Raka tidak menjawab, silakan saja melukai dirinya bahkan kalau perlu menghancurkan dirinya. Namun, jangan harap bisa menyakiti bunda dan adiknya. Raka akan mengibarkan bendera perang pada siapa saja yang menyakiti kedua perempuan yang sangat berarti di hidupnya.
"Gue hanya minta satu hal, percaya sama gue."

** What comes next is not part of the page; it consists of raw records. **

Lemma T_L4_of_xor3 n (g : boolop n) : T xor3 -> L4 g -> T g.
Proof.
move=> Tx [S [oddS gS]].
suff TS : T (fun x : 'I_n -> bool => \big[addb/false]_(i in S) x i).
  by apply: T_ext TS _ => x; rewrite gS.
elim: {S}_.+1 {-2}S (ltnSn #|S|) oddS {gS} => // N IH S ltSN oddS.
have [i Si] : exists i, i \in S by apply/set0Pn; apply: contraTneq oddS => ->; rewrite cards0.
have [Si0|[j Sij]] := set_0Vmem (S :\ i).
  by apply: T_ext (T_proj i) _ => x; rewrite (big_setD1 _ Si) Si0 big_set0 /= addbF.
have cardS : #|S| = (#|S :\ i :\ j|).+2 by rewrite (cardsD1 i S) Si (cardsD1 j (S :\ i)) Sij.
have TSij : T (fun x => \big[addb/false]_(k in S :\ i :\ j) x k).
  by apply: IH; move: ltSN oddS; rewrite cardS ltnS => /ltnW //=; rewrite negbK.
apply: T_ext (T_comp3 Tx (T_proj i) (T_proj j) TSij) _ => x.
by rewrite /xor3 /= (big_setD1 _ Si) (big_setD1 _ Sij) /= addbA.
Qed.

Lemma T_of_identifications (K : forall n, boolop n -> Prop) :
  (forall n m (g : boolop n) (psi : 'I_n -> 'I_m),
     K n g -> K m (fun y => g (fun k => y (psi k)))) ->
  (forall n (g : boolop n), n <= 2 -> K n g -> T g) ->
  (forall p (g : boolop p.+3), K _ g -> (forall i j, i != j -> T (identify i j g)) -> T g) ->
  forall n (g : boolop n), K n g -> T g.
Proof.
move=> K_minor K_small K_identify n.
elim: n.+1 {-2}n (ltnSn n) => // N IH [|[|[|p]]] ltpN g Kg; try exact: K_small.
apply: K_identify => // i j ij.
(* identifying x_j with x_i is the minor along [k |-> if k == j then i else k], which avoids j *)
pose psi k := odflt ord0 (unlift j (if k == j then i else k)).
have psiK k : lift j (psi k) = if k == j then i else k.
  have avoid_j : (if k == j then i else k) != j.
    by case: (k =P j) => [_|/eqP //]; exact: ij.
  by rewrite /psi; case: unliftP avoid_j => [l -> // | ->]; rewrite eqxx.
have Tg' : T (fun y => g (fun k => y (psi k))) by apply: IH => //; apply: K_minor.
apply: T_ext (T_minor (fun l => lift j l) Tg') _ => x.
rewrite /identify; congr g; apply: functional_extensionality => k.
by rewrite psiK; case: (k == j).
Qed.

Lemma T_D2_of_maj3 n (g : boolop n) : T maj3 -> D2 g -> T g.
Proof.
move=> Tm; apply: T_of_identifications
  => [{}n m {}g psi [sd mon] | {}n {}g le_n2 Dg | p {}g Dg Tid].
- by split => [y | x y xy]; [apply: sd | apply: mon => k; apply: xy].
- by apply/T_O1/O1_of_D1_small/D1_of_D2.
- apply: T_ext (T_comp3 Tm (Tid o0 o1 isT) (Tid o1 o2 isT) (Tid o2 o0 isT)) _ => x.
  by rewrite (monotone_identify_maj x (proj2 Dg)).
Qed.

Lemma T_D1_of_cond4 n (g : boolop n) : T cond4 -> D1 g -> T g.
Proof.
move=> Tc; apply: T_of_identifications
  => [{}n m {}g psi [sd g0] | {}n {}g le_n2 Dg | p {}g _ Tid].
- by split => [y|]; [apply: sd | exact: g0].
- exact/T_O1/O1_of_D1_small.
- have Tinner := T_comp4 Tc (T_proj o1) (T_proj o2) (Tid o1 o2 isT) (Tid o2 o0 isT).
  apply: T_ext (T_comp4 Tc (T_proj o0) (T_proj o1) (Tid o0 o1 isT) Tinner) _ => x.
  by rewrite [RHS]identify_cond4.
Qed.

Lemma clone_below_D1_cases :
  exists P : forall n, boolop n -> Prop,
    [/\ P = O1 \/ P = D1 \/ P = D2 \/ P = L4,
        forall n (g : boolop n), T g <-> P n g
      & ~ T maj3 -> ~ T xor3 -> P = O1].
Proof.
have [Tm|Nm] := classic (T maj3); have [Tx|Nx] := classic (T xor3).
- exists D1; split => // [|n g]; first by right; left.
  by split; [apply: T_D1 | apply: T_D1_of_cond4; apply: cond4_of_maj3_xor3].
- exists D2; split => // [|n g]; first by right; right; left.
  split=> [Tg|]; last exact: T_D2_of_maj3.
  by split; [case: (T_D1 Tg) | apply: monotone_of_no_xor3].
- exists L4; split => // [|n g]; first by right; right; right.
  by split; [apply: affine_of_no_maj3 | apply: T_L4_of_xor3].
- exists O1; split => // [|n g]; first by left.
  by split; [apply: O1_of_no_maj3_xor3 | apply: T_O1].
Qed.

End BooleanCloneBelowD1.

Lemma if_label_inj (A : Type) (b0 b1 : A) (s t : bool) : b0 <> b1 ->
  (if s then b1 else b0) = (if t then b1 else b0) -> s = t.
Proof. by move=> b01; case: s; case: t => // e; case: b01. Qed.

Definition tau (A : Type) n (f : op A n) : boolop n := fun x =>
  if excluded_middle_informative (forall u v : A, f (fun i => if x i then v else u) = v)
  then true else false.

Section TwoElementRestrictions.

Variables (A : Type) (F : opset A).
Hypothesis F_clone : is_clone F.
Hypothesis F_r3 : r_ge F 3.

Lemma F_minor n m (f : op A n) (psi : 'I_n -> 'I_m) :
  F f -> F (fun a => f (fun k => a (psi k))).
Proof. by have [F_proj F_comp] := F_clone; move=> Ff; apply: F_comp. Qed.

(* On any pair b0, b1 the function f acts as the binary minor obtained by collapsing the
   variables along x, and that minor is a projection since r(F) >= 3. *)
Lemma tau_correct n (f : op A n) : F f -> forall (b0 b1 : A) (x : 'I_n -> bool),
  f (fun i => if x i then b1 else b0) = if tau f x then b1 else b0.
Proof.
move=> Ff b0 b1 x.
have [k fk] := F_r3 (isT : 2 < 3) (F_minor (fun i => if x i then ord_max else ord0) Ff).
have f_pair u v : f (fun i => if x i then v else u) = if val k == 0 then u else v.
  by rewrite -[RHS](fk (fun j => if val j == 0 then u else v)); congr f;
     apply: functional_extensionality => i; case: (x i).
rewrite /tau; case: excluded_middle_informative => [f1|f0]; first exact: f1.
rewrite f_pair; case: (val k =P 0) => // k1; case: f0 => u v.
by rewrite f_pair; move/eqP/negbTE: k1 => ->.
Qed.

Sebenarnya Raka tidak begitu tega meminta secara langsung agar Lesya melupakan sang ayah. Raka sadar betul bagaimana posisi Putra di kehidupan Lesya. Namun, dia tidak ingin jika Lesya terluka karena ulah ayahnya. Raka hanya ingin Lesya selalu berada di sampingnya tanpa pergi ke mana-mana dan tentunya baik-baik saja. Biar dia saja yang menerima semua perlakuan buruk ayahnya, jangan Lesya atau bunda.
"Lesya selalu percaya sama Abang. Euhm, kita mau ke mana? Abang udah izin ayah buat bawa Lesya?" Raka berbohong, dia mengatakan jika Putra mendadak ke luar kota dan dirinya diminta untuk menjemput Lesya.
"Gue mau ajak lo beli coklat mau, 'kan?" tawar Raka berusaha mengalihkan pembicaraan, dengan senang hati Lesya mengiyakan ajakan abangnya. "Coklat kayak yang mau dikasih kakak cantik?"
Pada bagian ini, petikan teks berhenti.